# Unwanted black border printing



## [email protected] (Oct 20, 2012)

On every print I'm getting a thin black border that also prints and I can't  figure out how to get rid of it.  It happens on my Canon MP600 and my HP Laserjet 1012.  I have no check boxes checked in the print module.

What am I overlooking and how can I get rid of it?


----------



## Victoria Bampton (Oct 21, 2012)

Have a look in the printer setup - look for the word 'stroke' as that's the most likely phrase used.

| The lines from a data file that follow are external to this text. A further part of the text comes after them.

Section Chernoff.
Variable R : realType.

Lemma card_le_chernoff (T : finType) (k : nat) (g : T -> R) (M a : R)
    (P : pred {ffun 'I_k -> T}) :
  (forall S, P S -> a < \sum_j g (S j)) -> \sum_t expR (g t) <= M ->
  #|P|%:R <= M ^+ k * expR (- a).
Proof.
move=> P_gt sum_le.
apply: (@le_trans _ _ (\sum_(S : {ffun 'I_k -> T}) expR (\sum_j g (S j) - a))).
  rewrite -sumr_const big_mkcond /=; apply: ler_sum => S _.
  case: ifP => [PS|_]; last exact: expR_ge0.
  by apply: ltW; rewrite expR_gt1 subr_gt0 P_gt.
under eq_bigr do rewrite expRD expR_sum.
rewrite -mulr_suml (sum_ffun_prod k (fun t => expR (g t))).
rewrite ler_wpM2r ?expR_ge0 //.
apply: lerXn2r; rewrite ?nnegrE //; last apply: le_trans sum_le.
all: by apply: sumr_ge0 => t _; exact: expR_ge0.
Qed.

End Chernoff.

Section SignMatrix.
Variables (R : realType) (d k : nat).
Local Notation signs := {ffun 'I_d -> bool}.
Local Notation N := (#|{: signs}|%:R : R).
Implicit Types (x : 'rV[R]_d) (S : {ffun 'I_k -> signs}).

(* For a uniformly random [S] this is a Rademacher random projection;
   probabilities are replaced by counts over all [S]. *)
Definition sign_mx S : 'M[R]_(d, k) := \matrix_(i, j) (-1) ^+ S j i.

Lemma sqnorm_mul_sign_mx x S :
  sqnorm (x *m sign_mx S) = \sum_j rademacher x (S j) ^+ 2.
Proof.
apply: eq_bigr => j _; rewrite !mxE; congr (_ ^+ 2).
by apply: eq_bigr => i _; rewrite mxE mulrC.
Qed.

Lemma card_sign_mx_upper_tail x (eps tau : R) :
  0 < sqnorm x -> 0 < tau -> tau <= 4^-1 ->
  #|[pred S | (1 + eps) * k%:R * sqnorm x < sqnorm (x *m sign_mx S)]|%:R <=
  N ^+ k * expR (- (k%:R * (tau * eps - 3 * tau ^+ 2))).
Proof.
move=> x_gt0 tau_gt0 tau_small; set t := tau / sqnorm x.
have t_gt0 : 0 < t by rewrite divr_gt0.
have tauE : t * sqnorm x = tau by rewrite divfK // gt_eqF.
have mgf := sum_expR_rademacher_le (x := x) (ltW t_gt0); rewrite tauE in mgf.
apply: le_trans (card_le_chernoff (a := t * ((1 + eps) * k%:R * sqnorm x)) _
  (mgf tau_small)) _.
  by move=> S /=; rewrite sqnorm_mul_sign_mx -mulr_sumr ltr_pM2l.
rewrite exprMn -expRM_natl -(mulrA (_ ^+ k)) -expRD.
by rewrite ler_pM2l ?exprn_gt0 ?card_signs_gt0 // ler_expR -tauE; lra.
Qed.

Lemma card_sign_mx_lower_tail x (eps tau : R) : 0 < sqnorm x -> 0 < tau ->
  #|[pred S | sqnorm (x *m sign_mx S) < (1 - eps) * k%:R * sqnorm x]|%:R <=
  N ^+ k * expR (- (k%:R * (tau * eps - 3 / 2 * tau ^+ 2))).
Proof.
move=> x_gt0 tau_gt0; set t := tau / sqnorm x.
have t_gt0 : 0 < t by rewrite divr_gt0.
have tauE : t * sqnorm x = tau by rewrite divfK // gt_eqF.
have mgf := sum_expRN_rademacher_le x (ltW t_gt0); rewrite tauE in mgf.
apply: le_trans (card_le_chernoff (a := - (t * ((1 - eps) * k%:R * sqnorm x))) _
  mgf) _.
  by move=> S /=; rewrite sqnorm_mul_sign_mx sumrN -mulr_sumr ltrN2 ltr_pM2l.
rewrite exprMn -expRM_natl -(mulrA (_ ^+ k)) -expRD.
by rewrite ler_pM2l ?exprn_gt0 ?card_signs_gt0 // ler_expR -tauE; lra.
Qed.

End SignMatrix.

Arguments sign_mx {R d k} S.

Lemma card_bigcup_le (I T : finType) (B : I -> {set T}) :
  (#|\bigcup_i B i| <= \sum_i #|B i|)%N.
Proof.
elim/big_rec2: _ => [|i n U _ le_Un]; first by rewrite cards0.
exact: leq_trans (leq_card_setU _ _) (leq_add (leqnn _) le_Un).
Qed.

Section NearIsometry.
Variables (R : realType) (d k : nat).
Local Notation signs := {ffun 'I_d -> bool}.
Local Notation N := (#|{: signs}|%:R : R).
Implicit Types (x : 'rV[R]_d) (S : {ffun 'I_k -> signs}).

Definition near_isometry (a : R) x S : bool :=
  ((1 - a / 5) * k%:R * sqnorm x <= sqnorm (x *m sign_mx S)) &&
  (sqnorm (x *m sign_mx S) <= (1 + a / 3) * k%:R * sqnorm x).

Lemma card_not_near_isometry x (a : R) : 0 < a -> a < 1 ->
  #|[set S | ~~ near_isometry a x S]|%:R <=
  2 * N ^+ k * expR (- (k%:R * a ^+ 2 / 150)).
Proof.
move=> a_gt0 a_lt1.
have [x0|x_neq0] := eqVneq (sqnorm x) 0.
  rewrite (_ : [set S | _] = finset.set0) ?cards0.
    by rewrite !mulr_ge0 ?expR_ge0 ?exprn_ge0 // ltW ?card_signs_gt0.
  apply/setP => S; rewrite !inE /near_isometry x0 !mulr0.
  suff -> : sqnorm (x *m sign_mx S) = 0 by rewrite lexx.
  have x_eq0 : x = 0.
    apply/rowP => i; apply/eqP; rewrite mxE -sqrf_eq0; apply/eqP.
    by apply: (psumr_eq0P _ x0) => // j _; exact: sqr_ge0.
  by rewrite x_eq0 mul0mx /sqnorm big1 // => j _; rewrite mxE expr0n.
have x_gt0 : 0 < sqnorm x by rewrite lt0r x_neq0 sqnorm_ge0.
have ka2_ge0 : 0 <= k%:R * a ^+ 2 by rewrite mulr_ge0 ?sqr_ge0.
have -> : [set S | ~~ near_isometry a x S] =
    [set S | sqnorm (x *m sign_mx S) < (1 - a / 5) * k%:R * sqnorm x] :|:
    [set S | (1 + a / 3) * k%:R * sqnorm x < sqnorm (x *m sign_mx S)].
  by apply/setP => S; rewrite !inE negb_and -!ltNge.
apply: le_trans (_ : (#|[set S | _]| + #|[set S | _]|)%:R <= _).
  by rewrite ler_nat; exact: leq_card_setU.
rewrite natrD !cardsE -[leRHS]mulrA [leRHS]mulr_natl mulr2n.
apply: lerD.
  apply: le_trans (card_sign_mx_lower_tail k (a / 5) x_gt0 (tau := a / 15) _) _.
    by rewrite divr_gt0.
  by rewrite ler_pM2l ?exprn_gt0 ?card_signs_gt0 // ler_expR; lra.
apply: le_trans (card_sign_mx_upper_tail k (a / 3) x_gt0 (tau := a / 24) _ _) _.
- by rewrite divr_gt0.
- lra.
by rewrite ler_pM2l ?exprn_gt0 ?card_signs_gt0 // ler_expR; lra.
Qed.

Lemma exists_near_isometry (I : finType) (x : I -> 'rV[R]_d) (a : R) :
  0 < a -> a < 1 -> 2 * #|I|%:R * expR (- (k%:R * a ^+ 2 / 150)) < 1 ->
  exists S, forall i, near_isometry a (x i) S.
Proof.
move=> a_gt0 a_lt1 few_bad.
set B := \bigcup_i [set S | ~~ near_isometry a (x i) S].
have B_small : (#|B| < #|{: {ffun 'I_k -> signs}}|)%N.
  apply: leq_ltn_trans (card_bigcup_le _) _; rewrite -(ltr_nat R) natr_sum.
  apply: le_lt_trans (ler_sum _ (fun i _ =>
    card_not_near_isometry (x i) a_gt0 a_lt1)) _.
  have -> : #|{: {ffun 'I_k -> signs}}|%:R = N ^+ k.
    by rewrite card_ffun card_ord natrX.
  rewrite sumr_const -[ltLHS]mulr_natr -/#|I|.
  have : 0 < N ^+ k by rewrite exprn_gt0 ?card_signs_gt0.
  nra.
have /card_gt0P [S] : (0 < #|~: B|)%N by rewrite -(ltn_add2l #|B|) addn0 cardsC.
rewrite inE => /bigcupP S_good; exists S => i; apply/negPn/negP => bad.
by apply: S_good; exists i; rewrite ?inE.
Qed.

End NearIsometry.

Section Separation.
Variable R : realType.

Lemma l2normE k (y : 'rV[R]_k) : l2norm y = Num.sqrt (sqnorm y).
Proof. by []. Qed.

Lemma near_isometry_separation d k (S : {ffun 'I_k -> {ffun 'I_d -> bool}})
    (a : R) (x y : 'rV[R]_d) :
  0 < a -> a < 1 -> (0 < k)%N -> near_isometry a x S -> near_isometry a y S ->
  (1 + a) * l2norm x < l2norm y ->
  (1 + a / 2) * l2norm (x *m sign_mx S) < l2norm (y *m sign_mx S).
Proof.
move=> a_gt0 a_lt1 k_gt0 /andP[_ x_le] /andP[y_ge _].
have kR_gt0 : 0 < k%:R :> R by rewrite ltr0n.
have ge0 c z : 0 <= c -> c * Num.sqrt z \in Num.nneg.
  by move=> c_ge0; rewrite nnegrE mulr_ge0 ?sqrtr_ge0.
rewrite !l2normE => sep.
have {}sep : (1 + a) ^+ 2 * sqnorm x < sqnorm y.
  move: sep; rewrite -(ltr_pXn2r (n := 2)) ?ge0 ?nnegrE ?sqrtr_ge0 //; last lra.
  by rewrite exprMn !sqr_sqrtr ?sqnorm_ge0.
rewrite -(ltr_pXn2r (n := 2)) ?ge0 ?nnegrE ?sqrtr_ge0 //; last lra.
rewrite exprMn !sqr_sqrtr ?sqnorm_ge0 //.
set s := sqnorm x in x_le sep *; set t := sqnorm y in y_ge sep *.
have ks_ge0 : 0 <= k%:R * s by rewrite mulr_ge0 ?ler0n ?sqnorm_ge0.
have gain : (1 + a / 2) ^+ 2 * (1 + a / 3) <= (1 + a) ^+ 2 * (1 - a / 5) by nra.
have := ler_wpM2r ks_ge0 gain.
have : (1 - a / 5) * k%:R * ((1 + a) ^+ 2 * s) < (1 - a / 5) * k%:R * t.
  by rewrite ltr_pM2l // mulr_gt0 //; lra.
have := ler_wpM2l (sqr_ge0 (1 + a / 2)) x_le.
lra.
Qed.

End Separation.

Section Reduction.
Variable R : realType.

Lemma d1_ge (n : nat) (a : R) : (0 < n)%N -> 0 < a ->
  1000 * ln (n%:R : R) <= (d1 n a)%:R * a ^+ 2.
Proof.
move=> n_gt0 a_gt0; have a2_gt0 : 0 < a ^+ 2 by rewrite exprn_gt0.
have n_ge1 : (1 : R) <= n%:R by rewrite ler1n.
have bound_ge0 : 0 <= 1000 * ln (n%:R : R) / a ^+ 2.
  by rewrite divr_ge0 ?sqr_ge0 // mulr_ge0 // ln_ge0.
rewrite -ler_pdivrMr // /d1 natr_absz ger0_norm ?ceil_ge //.
by rewrite ceil_ge0 (lt_le_trans _ bound_ge0) // ltrN10.
Qed.

Lemma union_bound_lt1 (n k : nat) (a : R) : (1 < n)%N ->
  1000 * ln (n%:R : R) <= k%:R * a ^+ 2 ->
  2 * #|{: 'I_n * 'I_n}|%:R * expR (- (k%:R * a ^+ 2 / 150)) < 1.
Proof.
move=> n_gt1 k_large; set m : R := n%:R.
have m_ge2 : 2 <= m by rewrite (ler_nat R 2).
have m_gt0 : 0 < m by apply: lt_le_trans m_ge2.
have -> : #|{: 'I_n * 'I_n}|%:R = m ^+ 2 by rewrite card_prod card_ord natrM.
have ln_m_ge0 : 0 <= ln m.
  by apply: ln_ge0; apply: le_trans m_ge2; rewrite ler1n.
apply: le_lt_trans (_ : 2 * m ^+ 2 * expR (- (4 * ln m)) < 1).
  apply: ler_wpM2l; first by rewrite mulr_ge0 ?sqr_ge0.
  by rewrite ler_expR lerN2; lra.
rewrite expRN expRM_natl lnK ?posrE // ltr_pdivrMr ?exprn_gt0 // mul1r.
have m2_ge4 : 4 <= m ^+ 2 by nra.
by rewrite -[4%N]/(2 + 2)%N exprD; nra.
Qed.

Lemma exists_separating_embedding (n d : nat) (f : 'I_n -> 'rV[R]_d) (a : R) :
  0 < a -> a < 1 ->
  exists g : 'I_n -> 'rV[R]_(d1 n a), forall u v w,
    (1 + a) * l2norm (f u - f v) < l2norm (f u - f w) ->
    (1 + a / 2) * l2norm (g u - g v) < l2norm (g u - g w).
Proof.
move=> a_gt0 a_lt1; have [n_le1|n_gt1] := leqP n 1.
  exists (fun=> 0) => u v w.
  have -> : v = w by apply: ord_inj; move: (ltn_ord v) (ltn_ord w); lia.
  by rewrite !l2normE => sep; have := sqrtr_ge0 (sqnorm (f u - f w)); nra.
have k_large := d1_ge (ltnW n_gt1) a_gt0.
have ln_n_gt0 : 0 < ln (n%:R : R) by apply: ln_gt0; rewrite ltr1n.
have k_gt0 : (0 < d1 n a)%N.
  by rewrite lt0n; apply/eqP => k0; move: k_large; rewrite k0 mul0r; lra.
have [S S_near] := exists_near_isometry
  (fun uv : 'I_n * 'I_n => f uv.1 - f uv.2) a_gt0 a_lt1
  (union_bound_lt1 n_gt1 k_large).
exists (fun u => f u *m sign_mx S) => u v w sep.
rewrite -!mulmxBl.
exact: near_isometry_separation (S_near (u, v)) (S_near (u, w)) sep.
Qed.

Lemma shattered_d1 (n d : nat) (a : R) (Q : {set query n}) : 0 < a -> a < 1 ->
  shattered d a Q -> shattered (d1 n a) (a / 2) Q.
Proof.
move=> a_gt0 a_lt1 Q_shattered lab; have [f f_sat] := Q_shattered lab.
have [g g_sep] := exists_separating_embedding f a_gt0 a_lt1.
exists g => -[[u v] w] /f_sat /=; case: (lab _); exact: g_sep.
Qed.

End Reduction.

Theorem mainTheorem11 (R : realType) (n d : nat) (alpha : R) :
  0 < alpha -> alpha < 1 ->
  (T n d alpha <= T n (d1 n alpha) (alpha / 2))%N.
Proof.
move=> alpha_gt0 alpha_lt1; apply/bigmax_leqP => Q /asboolP Q_shattered.
by apply: leq_bigmax_cond; apply/asboolP; exact: shattered_d1.
Qed.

[Mod Note: fixed a typo  "work" => "word"]


----------



## [email protected] (Oct 22, 2012)

*No stroke selected*

I don't have anything checked in the print module which is why this is so confusing.



Victoria Bampton said:


> Have a look in the printer setup - look for the word 'stroke' as that's the most likely phrase used.
> 
> 
> 
> [Mod Note: fixed a typo  "work" => "word"]


----------



## Victoria Bampton (Oct 22, 2012)

You want the printer driver, rather than Lightroom.  Try the Page Setup or Print Settings buttons, bottom left.


----------



## [email protected] (Oct 23, 2012)

Victoria that was it (the print setting preset)!  Thanks a lot!  I don't print much at all so this was frustrating.  Couldn't find how to edit the presets though.  I found one that didn't have the "thin line border" as part of it.

Blessings,

Daryl


----------